As Leonard Mead continues to walk through the streets, he is suddenly stopped by a computerised police car. If Mead is the representative of humanity, the car is the representative of technology. Straight away we see that the car does not understand some of Mead’s actions, such as why he walks for relaxation. This is because the car can only analyse situations logically. It does not understand that some parts of human beings are solely emotional and not rational. As the police car talks to Leonard Mead, “information, somewhere, was dripping card by punch-slotted card under electric eyes.” This shows that machines always follow pre-programmed instructions to the letter. The strict conformity to rules consequently prevents technology from ever being emotional or irrational. Importantly, these two characteristics are integral to what makes us human. Bradbury warns that incorporating technology so fully into our lives will surely bring about disaster as it continuously eradicates our human qualities.

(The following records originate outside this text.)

Lemma lifted_club_cofinal (R0 : family X) :
  countable_sub (cozero_sets O) R0 -> exists Q, lifted_club Q /\ subfam R0 Q.
Proof.
  intros [RS [g Hg]].
  pose (cozero_fun i := epsilon (inhabits (fun _ : X => 0)) (fun f =>
          continuous O f /\ (forall z, 0 <= f z <= 1) /\ forall x, g i x <-> 0 < f x <= 1)).
  assert (Hcf : forall i, R0 (g i) -> continuous O (cozero_fun i) /\
            (forall z, 0 <= cozero_fun i z <= 1) /\
            forall x, g i x <-> 0 < cozero_fun i x <= 1).
  { intros i Hi. apply epsilon_spec, RS, Hi. }
  pose (wit i m W := epsilon (inhabits (fun _ : X => True))
                       (sublevel_meet B (cozero_fun i) (/ INR (S m)) W)).
  pose (F W := fun V => exists i m,
                 sublevel_meet B (cozero_fun i) (/ INR (S m)) W V /\ V = wit i m W).
  assert (HF : forall W, countable_sub B (F W)).
  { intro W. split; [intros V [i [m [HV _]]]; apply HV|].
    apply (countable_mono _ (fun V => exists i m, V = wit i m W)); [|apply countable_range2].
    intros V [i [m [_ HV]]]. exists i, m. exact HV. }
  destruct (club_closure B C F HC HF (famI R0 B)) as [P [HP [HRP HPF]]].
  { split; [intros V HV; apply HV|].
    apply (countable_mono _ R0); [intros V HV; apply HV | exists g; exact Hg]. }
  assert (HPB : subfam P B) by apply (proj1 HC P HP).
  assert (HPR : forall U, R0 U -> forall x, U x -> exists V, P V /\ V x /\ forall y, V y -> U y).
  { intros U HU x Ux. destruct (Hg U HU) as [i ->].
    destruct (Hcf i HU) as [Hcont [H01 Hiff]].
    destruct (cozero_superlevel O B Htop Hbase P (cozero_fun i) HPB
                (proj2 (HCbang P HP)) Hcont) with x as [W [PW [Wx HW]]].
    - intros m W PW Hex.
      assert (Hs := epsilon_spec _ _ Hex : sublevel_meet B _ _ W (wit i m W)).
      exists (wit i m W). split; [|exact Hs].
      apply (HPF W PW). exists i, m. auto.
    - apply Hiff, Ux.
    - exists W. split; [exact PW|]. split; [exact Wx|].
      intros y Wy. apply Hiff. split; [apply HW, Wy | apply H01]. }
  exists (fun U => R0 U \/ P U). split; [|intros U HU; left; exact HU].
  assert (HQB : famI (fun U => R0 U \/ P U) B = P).
  { apply family_ext. intro V. split.
    - intros [[HV | HV] BV]; [apply HRP; split|]; assumption.
    - intro HV. split; [right | apply HPB]; exact HV. }
  unfold lifted_club. rewrite HQB. split; [split|split].
  - intros U [HU | HU]; [apply RS | apply HBS, HPB]; exact HU.
  - apply countable_union; [exists g; exact Hg | apply (proj1 HC P HP)].
  - exact HP.
  - intros U [HU | HU] x Ux; [apply HPR; assumption | exists U; auto].
Qed.

Lemma club_lifted_club : club (cozero_sets O) lifted_club.
Proof.
  split; [intros Q HQ; apply HQ|].
  split; [exact lifted_club_increasing_union | exact lifted_club_cofinal].
Qed.

End LiftedClub.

At the end of the story, the police car decides to remove Leonard Mead from the city. They pass by his house, “brightly lit” with lights “square and warm in the cool darkness.” This reflects Leonard Mead’s individuality as it is the only house that is illuminated in the city. It also signifies emotional warmth as a well lit home is far more welcoming than a dark one. Abandoning the house compounds the sad and pessimistic feel to the story’s ending. It represents technology snatching us away from our humanity and independence into the oblivion of robot-like conformity. With Leonard Mead gone, the city is hollow. There are “no sound” and “no motion”. The city is now merely a shell with “empty river-bed streets” and “empty side-walks”. The last wavering bit of life is squeezed out and murdered by technology. As the police car leads Mead away to a mental asylum to study his “regressive tendencies”, the freezing darkness engulfs him. At long last the lone candle of humanity is extinguished. The city is finally dead.
Although it is not explicitly implied in the story, Bradbury’s most significant criticism is in fact on our tendency to conform to society’s trends. Every time a new technological innovation is created, we immediately strive to include it in our lives. Somehow we feel that our peers will look down on us if we don’t have “the latest and best”. Friends will often ridicule and turn against each other if one of them doesn’t have the most advanced or novel gadgets. This consumerism only fuels the development of technology. Inevitably, we will lose the ability of independent thought altogether and become just like the inhabitants of the city. Using the story, Bradbury argues that technology is so cold and inhuman it will only diminish our humanity. Instead we should not allow ourselves to be overrun by the urge of consumerism. We must realise that technology can enrich and complement our lives but it must never be the main driving force behind us. “The Pedestrian” is a vision of what could come to being if we ignore this advice.